An international team of researchers from Tel Aviv University, the Israel Antiquities Authority and Harvard University has discovered that waves of migration from Anatolia and the Zagros mountains (today’s Turkey and Iran) to the Levant helped develop the Chalcolithic culture that existed in Israel’s Upper Galilee region some 6,500 years ago.

The study is one of the largest ancient DNA studies ever conducted in Israel and for the first time sheds light on the origins of the Chalcolithic culture in the Levant, approximately 6,000-7,000 years ago.

Research for the study was led by Dr. Hila May and Prof. Israel Hershkovitz of the Department of Anatomy and Anthropology, Dan David Center for Human Evolution and Biohistory Research, at TAU’s Sackler Faculty of Medicine; Dr. Dina Shalem of the Institute for Galilean Archaeology at Kinneret College and the Israel Antiquities Authority; and Éadaoin Harney and Prof. David Reich of Harvard University. It was published today in Nature Communications.

In 1995, Zvi Gal, Dina Shalem and Howard Smithline of the Israel Antiquities Authority began excavating the Peqi’in Cave in northern Israel, which dates to the Chalcolithic Period in the Levant. The team unearthed dozens of burials in the natural stalactite cave that is 17 meters long and 5-8 meters wide.

The large number of unique ceramic ossuaries and the variety of burial offerings discovered in the cave suggest that it was once used as a mortuary center by the local Chalcolithic people.

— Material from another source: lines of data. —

(* Consider the discrete setting described in the context and let $(F^n)_{n\ge0}=(f^n_{ij},g^n_{ij})$ solve the linearized scheme given there. Let $h^n_{ij}=f^n_{ij}-g^n_{ij}$ and define the discrete moments $u^n_{h,i}=\sum_j\Delta v\,h^n_{ij}$, $J^n_{h,i}=\sum_j\Delta v\,v_j h^n_{ij}$, $S^n_{h,i}=\sum_j\Delta v\,(v_j^2-D_0^\Delta)h^n_{ij}$, and $J^n_{f,i}=\sum_j\Delta v\,v_jf^n_{ij}$, $J^n_{g,i}=\sum_j\Delta v\,v_jg^n_{ij}$. Then for all $n\ge0$: $$\|u^n_h\|_2=C_u^*\|\Pi^\Delta F^n\|_\Delta,\quad \|J^n_h\|_2\le C^*_{J1}\|F^n\|_\Delta,\quad \|J^n_h\|_2\le C^*_{J1}\|(I-\Pi^\Delta)F^n\|_\Delta,$$ $$\|S^n_h\|_2\le C^*_S\|(I-\Pi^\Delta)F^n\|_\Delta,\quad \|(\rho_\infty^* )^{-1}J^n_f-\rho_\infty^*J^n_g\|_2\le C^*_{J2}\|(I-\Pi^\Delta)F^n\|_\Delta,$$ where $C_u^*=\sqrt{((\rho_\infty^* )^2+1)/\rho_\infty^*}$, $C^*_{J1}=\sqrt{2\max(\rho_\infty^*\overline D_1,(\rho_\infty^* )^{-1}\overline D_2)}$, $C_S^*=\sqrt{2\max\big(\rho_\infty^*(\overline Q_1-2\underline D_0\underline D_1+\overline D_0^2),(\rho_\infty^* )^{-1}(\overline Q_2-2\underline D_0\underline D_2+\overline D_0^2)\big)}$, $C^*_{J2}=\max((\rho_\infty^* )^{-1},\rho_\infty^* )C^*_{J1}$.
   Context: Space mesh: $N$ uniform cells of length $\Delta x$ of the torus, indexed by $i\in\mathcal I=\mathbb Z/N\mathbb Z$ (periodic). Velocity mesh: $\Delta v=v^*/L$, cells indexed by $j\in\mathcal J=\{-L+1,\dots,L\}$ with midpoints $v_j=(j-\tfrac12)\Delta v$. Time step $\Delta t>0$; $\lambda=\Delta x/(2\Delta t)$ a fixed positive constant. Fixed $\rho_\infty^*>0$. For $k=1,2$: $\chi_{k,j}>0$, $\chi_{k,j}=\chi_{k,1-j}$, $\sum_j\Delta v\,\chi_{k,j}=1$, $0<\underline D_k\le D_k^\Delta:=\sum_j\Delta v\,v_j^2\chi_{k,j}\le\overline D_k$, $Q_k^\Delta:=\sum_j\Delta v\,v_j^4\chi_{k,j}\le\overline Q_k$. $D_0^\Delta=\frac{(\rho_\infty^* )^2D_1^\Delta+D_2^\Delta}{(\rho_\infty^* )^2+1}$, and $\underline D_0,\overline D_0$ are constants with $\underline D_0\le D_0^\Delta\le\overline D_0$. Densities $\rho_{f,i}=\sum_j\Delta v f_{ij}$, $\rho_{g,i}=\sum_j\Delta v g_{ij}$. Linearized scheme ($n\ge0$): $\frac{f^{n+1}_{ij}-f^n_{ij}}{\Delta t}+\frac{1}{\Delta x\Delta v}(\mathcal F^{n+1}_{i+\frac12,j}-\mathcal F^{n+1}_{i-\frac12,j})=-\rho_\infty^*\chi_{1,j}\rho^{n+1}_{g,i}-(\rho_\infty^* )^{-1}f^{n+1}_{ij}$ and $\frac{g^{n+1}_{ij}-g^n_{ij}}{\Delta t}+\frac{1}{\Delta x\Delta v}(\mathcal G^{n+1}_{i+\frac12,j}-\mathcal G^{n+1}_{i-\frac12,j})=-(\rho_\infty^* )^{-1}\chi_{2,j}\rho^{n+1}_{f,i}-\rho_\infty^*g^{n+1}_{ij}$, with $\mathcal F^{n+1}_{i+\frac12,j}=\Delta v\frac{v_j}{2}(f^{n+1}_{i+1,j}+f^{n+1}_{ij})-\Delta v\lambda(f^{n+1}_{i+1,j}-f^{n+1}_{ij})$ and $\mathcal G$ likewise with $g$. Norms: $\|u\|_2^2=\sum_i\Delta x\,u_i^2$; $\|F\|_\Delta^2=\sum_{i,j}\Delta x\Delta v\big(\frac{f_{ij}^2}{\chi_{1,j}\rho_\infty^*}+\frac{g_{ij}^2\rho_\infty^*}{\chi_{2,j}}\big)$. Projection: $(\Pi^\Delta F)_{ij}=\frac{\rho_{f,i}-\rho_{g,i}}{(\rho_\infty^* )^2+1}((\rho_\infty^* )^2\chi_{1,j},-\chi_{2,j})$. *)

From mathcomp Require Import all_boot all_order all_algebra reals.
Set Implicit Arguments. Unset Strict Implicit. Unset Printing Implicit Defensive.
Import Order.TTheory GRing.Theory Num.Theory.
Local Open Scope ring_scope.

Section Defs.
Variable R : realType.
Variables N L : nat.

(* space index i : 'I_N (periodic, via ordS / ord_pred);
   velocity index k : 'I_(2*L) encodes j = k - L + 1 in {-L+1,...,L} *)
Definition velidx (k : 'I_(2 * L)) : int := (nat_of_ord k)%:Z - L%:Z + 1.

Definition dvel (vstar : R) : R := vstar / L%:R.
(* Confluence lets us stabilise [e + y] by adding the grains of [y] one at a
   time, stabilising after each of them. *)
Lemma asm_trans_add_config e y s : stable e -> stable s ->
  rtc (@asm_step n) (add_config e y) s -> rtc (@asm_trans n) e s.
Proof.
have [m] := ubnP (\sum_j y j); elim: m y e => // m IH y e lt_m ste sts e_s.
have [/existsP[v yv]|/existsPn y0] := boolP [exists v, 0 < y v]; last first.
  rewrite add_config0 in e_s; last by move=> j; have := y0 j; lia.
  by rewrite (stable_asm_rtc ste e_s); apply: rtc_refl.
pose y' : config n := fun j => if j == v then (y j).-1 else y j.
have [e' [e_e' ste']] := asm_stabilises (add_grain e v).
have e'_s : rtc (@asm_step n) (add_config e' y') s.
  apply: asm_confluent (asm_rtc_add_config y' e_e') _ sts.
  suff -> : add_config (add_grain e v) y' = add_config e y by [].
  apply: functional_extensionality => j; rewrite /add_config /add_grain /y'.
  by case: eqP => [->|]; lia.
apply: rtc_step (IH y' e' _ ste' sts e'_s); first by split=> //; exists v.
suff : \sum_j y' j + 1 = \sum_j y j by lia.
rewrite -(sum_delta v (fun=> 1)) -big_split /=; apply: eq_bigr => j _.
by rewrite /y'; case: eqP => [->|]; lia.
Qed.

Definition burnable c :=
  forall A : {set 'I_n}, A != set0 -> exists2 j, j \in A & #|A|.-1 <= c j.

(* Dhar's burning algorithm: [c + 1] after each vertex of [D] has toppled once. *)
Definition burnt c D : config n :=
  fun j => if j \in D then c j + #|D| - n else c j + 1 + #|D|.
(* mu is (the extension by zero of) a Borel probability measure on K *)
Definition prob_on (R : realType) (d : nat) (K : set 'rV[R]_d)
  (mu : probability (Rd R d) R) : Prop :=
  mu (~` K) = 0%E.

Definition finite_supp (R : realType) (d : nat) (mu : probability (Rd R d) R) : Prop :=
  exists S : set 'rV[R]_d, finite_set S /\ mu (~` S) = 0%E.

Definition FM_test (R : realType) (d : nat) (K : set 'rV[R]_d) (f : 'rV[R]_d -> R) : Prop :=
  (forall x, K x -> `|f x| <= 1) /\
  (forall x y, K x -> K y -> `|f x - f y| <= edist x y).

Definition FM (R : realType) (d : nat) (K : set 'rV[R]_d)
  (mu nu : probability (Rd R d) R) : \bar R :=
  ereal_sup [set (`| Rintegral mu K f - Rintegral nu K f |)%:E
            | f in [set f | FM_test K f]].

Definition elog (R : realType) (v : \bar R) : \bar R :=
  if v == 0%E then -oo%E else if v == +oo%E then +oo%E else (ln (fine v))%:E.

Definition Ient (R : realType) (d : nat) (K : set 'rV[R]_d)
  (mu : probability (Rd R d) R) (r : R) : \bar R :=
  (\int[mu]_(x in K) elog (mu (eball x r)))%E.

“The uniqueness of the cave is evident in the number of people buried in it — more than 600 — and the variety of ossuaries and jars and the outstanding motifs on them, including geometric and anthropomorphic designs,” Dr. Shalem says. “Some of the findings in the cave are typical to the region, but others suggest cultural exchange with remote regions.

“The study resolves a long debate about the origin of the unique culture of the Chalcolithic people. Did the cultural change in the region follow waves of migration, the infiltration of ideas due to trade relations and/or cultural exchange, or local invention? We now know that the answer is migration.”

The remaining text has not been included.